| ABOUT THIS EXERCISE |
Report only the number of lines in the records that contain the word "greenJE".
*** Begin section ***
(* Let $M$ be a finite monoid and let $J$ be a $\mathscr{J}$-class of $M$. Then the relation $\theta_J$ is a congruence of $M$ and $\theta_J\subseteq\pi_J$.
   Context: Green's relations on $M$: $a\mathscr{L}b$ iff $Ma=Mb$, $a\mathscr{R}b$ iff $aM=bM$, $a\mathscr{H}b$ iff $a\mathscr{L}b$ and $a\mathscr{R}b$, $a\mathscr{J}b$ iff $MaM=MbM$. $J_a$ is the $\mathscr{J}$-class of $a$; $J_a\leqslant_{\mathscr{J}}J_b$ iff $MaM\subseteq MbM$, and $J_a<_{\mathscr{J}}J_b$ iff $J_a\leqslant_{\mathscr{J}}J_b$ and $J_a\neq J_b$. For a $\mathscr{J}$-class $J$, let $A(J)=\{a\in M: J_a<_{\mathscr{J}}J\}$ and $B(J)=\{a\in M: J\not\leqslant_{\mathscr{J}}J_a\}$. Define $a\,\theta_J\, b$ [respectively $a\,\pi_J\,b$] iff $a=b$, or $a,b\in A(J)$ [respectively $a,b\in B(J)$], or $a,b\in J$ and $a\mathscr{H}b$. *)

From mathcomp Require Import all_boot.
Set Implicit Arguments. Unset Strict Implicit. Unset Printing Implicit Defensive.

Definition is_monoid (T : Type) (mul : T -> T -> T) (one : T) : Prop :=
  (forall x y z, mul x (mul y z) = mul (mul x y) z) /\
  (forall x, mul one x = x) /\ (forall x, mul x one = x).

Section Green.
Variables (T : Type) (mul : T -> T -> T).

Definition in_left_ideal (a x : T) : Prop := exists u, x = mul u a.
Definition in_right_ideal (a x : T) : Prop := exists v, x = mul a v.
Definition in_two_ideal (a x : T) : Prop := exists u v, x = mul u (mul a v).

Definition greenL (a b : T) : Prop := forall x, in_left_ideal a x <-> in_left_ideal b x.
Definition greenR (a b : T) : Prop := forall x, in_right_ideal a x <-> in_right_ideal b x.
Definition greenH (a b : T) : Prop := greenL a b /\ greenR a b.
Definition greenJ (a b : T) : Prop := forall x, in_two_ideal a x <-> in_two_ideal b x.

Definition leJ (a b : T) : Prop := forall x, in_two_ideal a x -> in_two_ideal b x.
Definition ltJ (a b : T) : Prop := leJ a b /\ ~ greenJ a b.

(* A J-class J is represented by a representative e: J = J_e. *)
Definition inJ (e a : T) : Prop := greenJ a e.
Definition setA (e a : T) : Prop := ltJ a e.
Definition setB (e a : T) : Prop := ~ leJ e a.

Definition thetaJ (e a b : T) : Prop :=
  a = b \/ (setA e a /\ setA e b) \/ (inJ e a /\ inJ e b /\ greenH a b).
Definition piJ (e a b : T) : Prop :=
  a = b \/ (setB e a /\ setB e b) \/ (inJ e a /\ inJ e b /\ greenH a b).

Definition is_congruence (r : T -> T -> Prop) : Prop :=
  (forall a, r a a) /\ (forall a b, r a b -> r b a) /\
  (forall a b c, r a b -> r b c -> r a c) /\
  (forall a b c, r a b -> r (mul c a) (mul c b) /\ r (mul a c) (mul b c)).
End Green.

(* The set A(J) is an ideal of M, disjoint from J and contained in B(J).  So
   the only thing to check is that multiplying two H-related elements a, b of J
   on the left by c gives either two elements of A(J) or two H-related elements
   of J.  Left multiplication preserves R, and a finite monoid is stable: if ca
   is J-related to a, then ca is L-related to a.  Indeed a = u(ca)v gives
   a = s^i a y_i for every i, where s = uc, and a repetition s^(p+i) = s^i with
   p > 0 then gives a = s^p a, which lies in M(ca).  Right multiplication is
   the same statement in the opposite monoid. *)
From Stdlib Require Import Classical.
From mathcomp Require Import all_boot.

Section Monoid.
Context {T : Type} {mul : T -> T -> T} {one : T}.
Hypothesis monoidM : is_monoid mul one.

Let mulA : associative mul. Proof. by case: monoidM. Qed.
Let mul1m : left_id one mul. Proof. by case: monoidM => _ []. Qed.
Let mulm1 : right_id one mul. Proof. by case: monoidM => _ []. Qed.

Local Notation mulop := (fun x y : T => mul y x).
Local Notation pow s n := (iter n (mul s) one).

Lemma is_monoid_op : is_monoid mulop one.
Proof. by split=> [x y z|]; rewrite ?mulA. Qed.

Lemma in_two_ideal_op a x : in_two_ideal mulop a x <-> in_two_ideal mul a x.
Proof. by split=> -[u [v ->]]; exists v, u; rewrite mulA. Qed.

Lemma greenJ_op a b : greenJ mulop a b <-> greenJ mul a b.
Proof.
split=> Jab x; first by rewrite -in_two_ideal_op Jab in_two_ideal_op.
by rewrite in_two_ideal_op Jab -in_two_ideal_op.
Qed.

Lemma leJ_op a b : leJ mulop a b <-> leJ mul a b.
Proof.
by split=> le_ab x; [rewrite -!in_two_ideal_op | rewrite !in_two_ideal_op];
  apply: le_ab.
Qed.

(* In the opposite monoid L and R are exchanged; J, A(J) and H are unchanged. *)
Lemma thetaJ_op e a b : thetaJ mulop e a b <-> thetaJ mul e a b.
Proof.
rewrite /thetaJ /setA /ltJ /inJ !leJ_op !greenJ_op.
by rewrite /greenH [greenL _ _ _ /\ _]and_comm.
Qed.

Lemma leJP a b : leJ mul a b <-> exists u v, a = mul u (mul b v).
Proof.
split=> [le_ab | [u [v ->]] x [u' [v' ->]]].
  by apply: le_ab; exists one, one; rewrite mul1m mulm1.
by exists (mul u' u), (mul v v'); rewrite !mulA.
Qed.

Lemma leJ_trans {a b c} : leJ mul a b -> leJ mul b c -> leJ mul a c.
Proof. by move=> le_ab le_bc x /le_ab /le_bc. Qed.

Lemma leJ_mull c a : leJ mul (mul c a) a.
Proof. by apply/leJP; exists c, one; rewrite mulm1. Qed.

Lemma greenJE a b : greenJ mul a b <-> leJ mul a b /\ leJ mul b a.
Proof.
split=> [Jab | [le_ab le_ba] x]; first by split=> x /Jab.
by split=> [/le_ab | /le_ba].
Qed.

Lemma greenJ_sym {a b} : greenJ mul a b -> greenJ mul b a.
Proof. by move=> Jab x; split=> /Jab. Qed.

Lemma greenJ_trans {a b c} : greenJ mul a b -> greenJ mul b c -> greenJ mul a c.
Proof. by move=> Jab Jbc x; split=> [/Jab/Jbc | /Jbc/Jab]. Qed.

Lemma greenL_sym {a b} : greenL mul a b -> greenL mul b a.
Proof. by move=> Lab x; split=> /Lab. Qed.

Lemma greenL_trans {a b c} : greenL mul a b -> greenL mul b c -> greenL mul a c.
Proof. by move=> Lab Lbc x; split=> [/Lab/Lbc | /Lbc/Lab]. Qed.

Lemma greenH_sym {a b} : greenH mul a b -> greenH mul b a.
Proof. by case=> Lab Rab; split=> x; apply: iff_sym. Qed.

Lemma greenH_trans {a b c} : greenH mul a b -> greenH mul b c -> greenH mul a c.
Proof.
case=> Lab Rab [Lbc Rbc].
by split=> x; [exact: iff_trans (Lab x) (Lbc x) | exact: iff_trans (Rab x) (Rbc x)].
Qed.

Lemma greenLP a b :
  greenL mul a b <-> (exists u, a = mul u b) /\ (exists u, b = mul u a).
Proof.
split=> [Lab | [[u def_a] [u' def_b]] x].
  by split; apply/Lab; exists one; rewrite mul1m.
split=> -[w ->]; [exists (mul w u) | exists (mul w u')];
  by rewrite -mulA -?def_a -?def_b.
Qed.

Lemma greenRP a b :
  greenR mul a b <-> (exists u, a = mul b u) /\ (exists u, b = mul a u).
Proof.
split=> [Rab | [[u def_a] [u' def_b]] x].
  by split; apply/Rab; exists one; rewrite mulm1.
split=> -[w ->]; [exists (mul u w) | exists (mul u' w)];
  by rewrite mulA -?def_a -?def_b.
Qed.

Lemma greenR_J {a b} : greenR mul a b -> greenJ mul a b.
Proof.
move/greenRP=> [[u def_a] [u' def_b]].
by apply/greenJE; split; apply/leJP; [exists one, u | exists one, u'];
  rewrite mul1m.
Qed.

Lemma greenR_mull c {a b} : greenR mul a b -> greenR mul (mul c a) (mul c b).
Proof.
move/greenRP=> [[u def_a] [u' def_b]].
by apply/greenRP; split; [exists u | exists u']; rewrite -mulA -?def_a -?def_b.
Qed.

Lemma powD s m n : pow s (m + n) = mul (pow s m) (pow s n).
Proof. by elim: m => [|m IHm] /=; rewrite ?mul1m // IHm mulA. Qed.

Lemma powSr s n : pow s n.+1 = mul (pow s n) s.
Proof. by rewrite -addn1 powD /= mulm1. Qed.

Lemma pow_fixes_of_fixes s i p a v :
  mul (pow s p) (pow s i) = pow s i -> a = mul s (mul a v) ->
  a = mul (pow s p) a.
Proof.
move=> pow_pi fix_a.
have [y def_a] : exists y, a = mul (pow s i) (mul a y).
  elim: i {pow_pi} => [|i [y def_a]]; first by exists one; rewrite mul1m mulm1.
  by exists (mul y v); rewrite {1}fix_a {1}def_a /= !mulA.
by rewrite {2}def_a mulA pow_pi -def_a.
Qed.

Lemma setA_mull e c a : setA mul e a -> setA mul e (mul c a).
Proof.
case=> le_ae notJ_ae; split; first exact: leJ_trans (leJ_mull c a) le_ae.
move=> /greenJE [_ le_e_ca]; apply: notJ_ae; apply/greenJE; split=> //.
exact: leJ_trans le_e_ca (leJ_mull c a).
Qed.

Lemma setA_setB e a : setA mul e a -> setB mul e a.
Proof. by case=> le_ae notJ_ae le_ea; apply: notJ_ae; apply/greenJE. Qed.

Lemma thetaJ_sym e a b : thetaJ mul e a b -> thetaJ mul e b a.
Proof.
case=> [-> | [[Aa Ab] | [Ja [Jb Hab]]]]; first by left.
  by right; left.
by right; right; split; last split; last exact: greenH_sym.
Qed.

Lemma thetaJ_trans e a b c :
  thetaJ mul e a b -> thetaJ mul e b c -> thetaJ mul e a c.
Proof.
case=> [-> // | [[Aa Ab] | [Ja [Jb Hab]]]] [<- | [[Ab' Ac] | [Jb' [Jc Hbc]]]].
- by right; left.
- by right; left.
- by case: Ab => _ /(_ Jb').
- by right; right.
- by case: Ab' => _ /(_ Jb).
- by right; right; split; last split; last exact: greenH_trans Hbc.
Qed.

End Monoid.

Section FiniteMonoid.
Context {T : finType} {mul : T -> T -> T} {one : T}.
Hypothesis monoidM : is_monoid mul one.

Let mulA : associative mul. Proof. by case: monoidM. Qed.

Local Notation pow s n := (iter n (mul s) one).

Lemma pow_repeats s : exists i p, 0 < p /\ mul (pow s p) (pow s i) = pow s i.
Proof.
pose f (i : 'I_#|T|.+1) := pow s i.
have /injectivePn [x [y neq_xy eq_fxy]] : ~~ injectiveb f.
  by apply/negP=> /injectiveP /leq_card; rewrite card_ord ltnn.
wlog lt_xy : x y neq_xy eq_fxy / x < y.
  move=> IH; case: (ltngtP x y) => [lt_xy | lt_yx | /val_inj eq_xy].
  - exact: IH neq_xy eq_fxy lt_xy.
  - by apply: (IH y x) (esym eq_fxy) lt_yx; rewrite eq_sym.
  - by rewrite eq_xy eqxx in neq_xy.
exists x, (y - x); split; first by rewrite subn_gt0.
rewrite -(powD monoidM) subnK; [exact: esym eq_fxy | exact: ltnW].
Qed.

Lemma greenL_of_greenJ_mull c a :
  greenJ mul (mul c a) a -> greenL mul (mul c a) a.
Proof.
move=> /greenJE [_ /(leJP monoidM) [u [v def_a]]].
have [i [p [p_gt0 pow_pi]]] := pow_repeats (mul u c).
have def_a' : a = mul (pow (mul u c) p) a.
  by apply: (pow_fixes_of_fixes monoidM _ _ _ _ v pow_pi); rewrite {1}def_a !mulA.
case: p p_gt0 {pow_pi} def_a' => // q _ def_a'.
apply/(greenLP monoidM); split; first by exists c.
by exists (mul (pow (mul u c) q) u); rewrite {1}def_a' (powSr monoidM) !mulA.
Qed.

Lemma thetaJ_mull e a b c :
  thetaJ mul e a b -> thetaJ mul e (mul c a) (mul c b).
Proof.
case=> [-> | [[Aa Ab] | [Ja [Jb [Lab Rab]]]]]; first by left.
  by right; left; split; apply: (setA_mull monoidM).
have R_ca_cb := greenR_mull monoidM c Rab.
have J_ca_cb := greenR_J monoidM R_ca_cb.
have [Jca | notJca] := classic (inJ mul e (mul c a)); [right; right | right; left].
  have Jcb : inJ mul e (mul c b) := greenJ_trans (greenJ_sym J_ca_cb) Jca.
  have L_cx_x x : inJ mul e x -> inJ mul e (mul c x) -> greenL mul (mul c x) x.
    move=> Jx Jcx; apply: greenL_of_greenJ_mull.
    exact: greenJ_trans Jcx (greenJ_sym Jx).
  split=> //; split=> //; split=> //.
  apply: greenL_trans (L_cx_x a Ja Jca) (greenL_trans Lab _).
  exact: greenL_sym (L_cx_x b Jb Jcb).
have le_cx_e x : inJ mul e x -> leJ mul (mul c x) e.
  by move=> /greenJE [le_xe _]; apply: leJ_trans (leJ_mull monoidM c x) le_xe.
have notJcb : ~ inJ mul e (mul c b).
  by move=> Jcb; apply/notJca/(greenJ_trans J_ca_cb).
by split; split; try apply: le_cx_e.
Qed.

End FiniteMonoid.

Lemma thetaJ_mulr (T : finType) (mul : T -> T -> T) (one : T)
    (monoidM : is_monoid mul one) e a b c :
  thetaJ mul e a b -> thetaJ mul e (mul a c) (mul b c).
Proof.
move=> /(thetaJ_op monoidM) theta_ab; apply/(thetaJ_op monoidM).
exact: thetaJ_mull (is_monoid_op monoidM) _ _ _ _ theta_ab.
Qed.

Theorem lemma3p4 (T : finType) (mul : T -> T -> T) (one : T)
  (hM : is_monoid mul one) (e : T) :
  is_congruence mul (thetaJ mul e) /\
  (forall a b, thetaJ mul e a b -> piJ mul e a b).
Proof.
split.
  split; first by left.
  split; first exact: thetaJ_sym.
  split; first exact: thetaJ_trans.
  move=> a b c theta_ab; split; first exact: thetaJ_mull hM _ _ _ _ theta_ab.
  exact: thetaJ_mulr hM _ _ _ _ theta_ab.
move=> a b [-> | [[Aa Ab] | Hab]]; [by left | | by right; right].
by right; left; split; apply: setA_setB.
Qed.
*** End section ***
| FINAL ANSWER |
6